----- Supplied entries -----
Lemma is_derive_line f G x d (t : R) : is_gradient f G ->
  is_derive t 1 (fun s => f (x + s *: d)) (dotv (G (x + t *: d)) d).
Proof.
move=> fG; have [fdiff fd] := fG (x + t *: d).
have E : (fun h : R => h^-1 *: (((fun s => f (x + s *: d)) \o shift t) (h *: 1)
               - f (x + t *: d))) =
         (fun h : R => h^-1 *: ((f \o shift (x + t *: d)) (h *: d) - f (x + t *: d))).
  apply: funext => h /=; congr (_ *: (f _ - _)).
  by rewrite /shift /= [h%:A]mulr1 scalerDl addrCA addrA.
split; first by rewrite /derivable E; exact: diff_derivable.
by rewrite /derive E -/(derive f (x + t *: d) d) deriveE.
Qed.

Lemma descent_lemma f G M : is_gradient f G -> lipschitz_with G M ->
  forall x y, f y <= f x + dotv (G x) (y - x) + M / 2 * enorm (y - x) ^+ 2.
Proof.
move=> fG GM x y; set d := y - x; set a := dotv (G x) d; set b := M / 2 * enorm d ^+ 2.
pose phi s := f (x + s *: d) - s * a - b * s ^+ 2.
pose dphi t := dotv (G (x + t *: d)) d - a - b * (2 * t).
have phi' (t : R) : is_derive t 1 phi (dphi t).
  have -> : phi = (fun s => f (x + s *: d)) - (fun s => s * a) - (fun s => b * s ^+ 2).
    by [].
  apply: is_deriveB; first apply: is_deriveB; first exact: is_derive_line.
    by apply: is_derive_eq; rewrite scaler0 add0r [a%:A]mulr1.
  by apply: is_derive_eq; rewrite [t%:A]mulr1 /GRing.scale /=; ring.
have [c /[!in_itv] /andP[c0 c1] phi01] := @MVT R phi dphi 0 1 ltr01 (fun t _ => phi' t)
   (derivable_within_continuous (fun t _ => @ex_derive _ _ _ _ _ _ _ (phi' t))).
have dphi_le : dotv (G (x + c *: d)) d - a <= b * (2 * c).
  rewrite /a -dotvBl (le_trans (cauchy_schwarz _ _)) //.
  have := GM (x + c *: d) x; rewrite addrAC subrr add0r enormZ gtr0_norm // => Gc.
  have := enorm_ge0 d; have := enorm_ge0 (G (x + c *: d) - G x); rewrite /b; nra.
move: phi01; rewrite /phi /dphi scale1r scale0r addr0 mul0r subr0 expr0n /= mulr0 subr0.
by rewrite mul1r expr1n !mulr1 [x + d]addrC /d subrK -/d; lra.
Qed.

Lemma is_gradientN f G : is_gradient f G -> is_gradient (- f) (- G).
Proof.
move=> fG z; have [fdiff fd] := fG z; split; first exact: differentiableN.
by move=> h; rewrite diffN // -[LHS]/(- ('d f z h)) fd dotvNl.
Qed.

Lemma descent_lemma_lower f G M : is_gradient f G -> lipschitz_with G M ->
  forall x y, f x + dotv (G x) (y - x) - M / 2 * enorm (y - x) ^+ 2 <= f y.
Proof.
move=> fG GM x y.
have NGM : lipschitz_with (- G) M by move=> u v; rewrite !fctE -opprD enormN.
by have := descent_lemma (is_gradientN fG) NGM x y; rewrite !fctE dotvNl; lra.
Qed.

Lemma convex_combE x y (t : R) : t *: y + (1 - t) *: x = x + t *: (y - x).
Proof. by rewrite scalerBl scale1r scalerBr addrCA. Qed.

Lemma convex_gradient_le f G M : is_gradient f G -> lipschitz_with G M ->
  convex_fun f -> forall x y, f x + dotv (G x) (y - x) <= f y.
Proof.
move=> fG GM fconv x y; set d := y - x.
apply: (@le_of_le_add_small _ _ _ (`|M| / 2 * enorm d ^+ 2)) => [|t t0 t1].
  by rewrite mulr_ge0 ?divr_ge0 ?exprn_ge0 ?enorm_ge0.
have fyx := fconv y x t (ltW t0) (ltW t1); rewrite convex_combE -/d in fyx.
have := descent_lemma_lower fG GM x (x + t *: d).
rewrite [x + _ - x]addrC addKr dotvZr enormZ gtr0_norm // exprMn => fx.
have : M / 2 * (t ^+ 2 * enorm d ^+ 2) <= `|M| / 2 * (t ^+ 2 * enorm d ^+ 2).
  by rewrite ler_wpM2r ?(mulr_ge0 (sqr_ge0 _) (sqr_ge0 _)) // ler_pM2r ?ler_norm.
move=> fM; rewrite -(ler_pM2l t0); nra.
Qed.

End Smooth.

Section Prox.
Variables (R : realType) (n : nat).
Local Notation V := 'rV[R]_n.

Lemma fin_num_scaleD_le (e : \bar R) (c r s : R) : 0 < c -> (-oo < e)%E ->
  (c%:E * e + r%:E <= s%:E)%E -> e \is a fin_num.
Proof. by move=> c0; case: e => [x| |] //= _; rewrite mulry gtr0_sg // mul1e. Qed.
-----
Task directions
After reading the listing above, print each line back exactly.

Response
Lemma is_derive_line f G x d (t : R) : is_gradient f G ->
  is_derive t 1 (fun s => f (x + s *: d)) (dotv (G (x + t *: d)) d).
Proof.
move=> fG; have [fdiff fd] := fG (x + t *: d).
have E : (fun h : R => h^-1 *: (((fun s => f (x + s *: d)) \o shift t) (h *: 1)
               - f (x + t *: d))) =
         (fun h : R => h^-1 *: ((f \o shift (x + t *: d)) (h *: d) - f (x + t *: d))).
  apply: funext => h /=; congr (_ *: (f _ - _)).
  by rewrite /shift /= [h%:A]mulr1 scalerDl addrCA addrA.
split; first by rewrite /derivable E; exact: diff_derivable.
by rewrite /derive E -/(derive f (x + t *: d) d) deriveE.
Qed.

Lemma descent_lemma f G M : is_gradient f G -> lipschitz_with G M ->
  forall x y, f y <= f x + dotv (G x) (y - x) + M / 2 * enorm (y - x) ^+ 2.
Proof.
move=> fG GM x y; set d := y - x; set a := dotv (G x) d; set b := M / 2 * enorm d ^+ 2.
pose phi s := f (x + s *: d) - s * a - b * s ^+ 2.
pose dphi t := dotv (G (x + t *: d)) d - a - b * (2 * t).
have phi' (t : R) : is_derive t 1 phi (dphi t).
  have -> : phi = (fun s => f (x + s *: d)) - (fun s => s * a) - (fun s => b * s ^+ 2).
    by [].
  apply: is_deriveB; first apply: is_deriveB; first exact: is_derive_line.
    by apply: is_derive_eq; rewrite scaler0 add0r [a%:A]mulr1.
  by apply: is_derive_eq; rewrite [t%:A]mulr1 /GRing.scale /=; ring.
have [c /[!in_itv] /andP[c0 c1] phi01] := @MVT R phi dphi 0 1 ltr01 (fun t _ => phi' t)
   (derivable_within_continuous (fun t _ => @ex_derive _ _ _ _ _ _ _ (phi' t))).
have dphi_le : dotv (G (x + c *: d)) d - a <= b * (2 * c).
  rewrite /a -dotvBl (le_trans (cauchy_schwarz _ _)) //.
  have := GM (x + c *: d) x; rewrite addrAC subrr add0r enormZ gtr0_norm // => Gc.
  have := enorm_ge0 d; have := enorm_ge0 (G (x + c *: d) - G x); rewrite /b; nra.
move: phi01; rewrite /phi /dphi scale1r scale0r addr0 mul0r subr0 expr0n /= mulr0 subr0.
by rewrite mul1r expr1n !mulr1 [x + d]addrC /d subrK -/d; lra.
Qed.

Lemma is_gradientN f G : is_gradient f G -> is_gradient (- f) (- G).
Proof.
move=> fG z; have [fdiff fd] := fG z; split; first exact: differentiableN.
by move=> h; rewrite diffN // -[LHS]/(- ('d f z h)) fd dotvNl.
Qed.

Lemma descent_lemma_lower f G M : is_gradient f G -> lipschitz_with G M ->
  forall x y, f x + dotv (G x) (y - x) - M / 2 * enorm (y - x) ^+ 2 <= f y.
Proof.
move=> fG GM x y.
have NGM : lipschitz_with (- G) M by move=> u v; rewrite !fctE -opprD enormN.
by have := descent_lemma (is_gradientN fG) NGM x y; rewrite !fctE dotvNl; lra.
Qed.

Lemma convex_combE x y (t : R) : t *: y + (1 - t) *: x = x + t *: (y - x).
Proof. by rewrite scalerBl scale1r scalerBr addrCA. Qed.

Lemma convex_gradient_le f G M : is_gradient f G -> lipschitz_with G M ->
  convex_fun f -> forall x y, f x + dotv (G x) (y - x) <= f y.
Proof.
move=> fG GM fconv x y; set d := y - x.
apply: (@le_of_le_add_small _ _ _ (`|M| / 2 * enorm d ^+ 2)) => [|t t0 t1].
  by rewrite mulr_ge0 ?divr_ge0 ?exprn_ge0 ?enorm_ge0.
have fyx := fconv y x t (ltW t0) (ltW t1); rewrite convex_combE -/d in fyx.
have := descent_lemma_lower fG GM x (x + t *: d).
rewrite [x + _ - x]addrC addKr dotvZr enormZ gtr0_norm // exprMn => fx.
have : M / 2 * (t ^+ 2 * enorm d ^+ 2) <= `|M| / 2 * (t ^+ 2 * enorm d ^+ 2).
  by rewrite ler_wpM2r ?(mulr_ge0 (sqr_ge0 _) (sqr_ge0 _)) // ler_pM2r ?ler_norm.
move=> fM; rewrite -(ler_pM2l t0); nra.
Qed.

End Smooth.

Section Prox.
Variables (R : realType) (n : nat).
Local Notation V := 'rV[R]_n.

Lemma fin_num_scaleD_le (e : \bar R) (c r s : R) : 0 < c -> (-oo < e)%E ->
  (c%:E * e + r%:E <= s%:E)%E -> e \is a fin_num.
Proof. by move=> c0; case: e => [x| |] //= _; rewrite mulry gtr0_sg // mul1e. Qed.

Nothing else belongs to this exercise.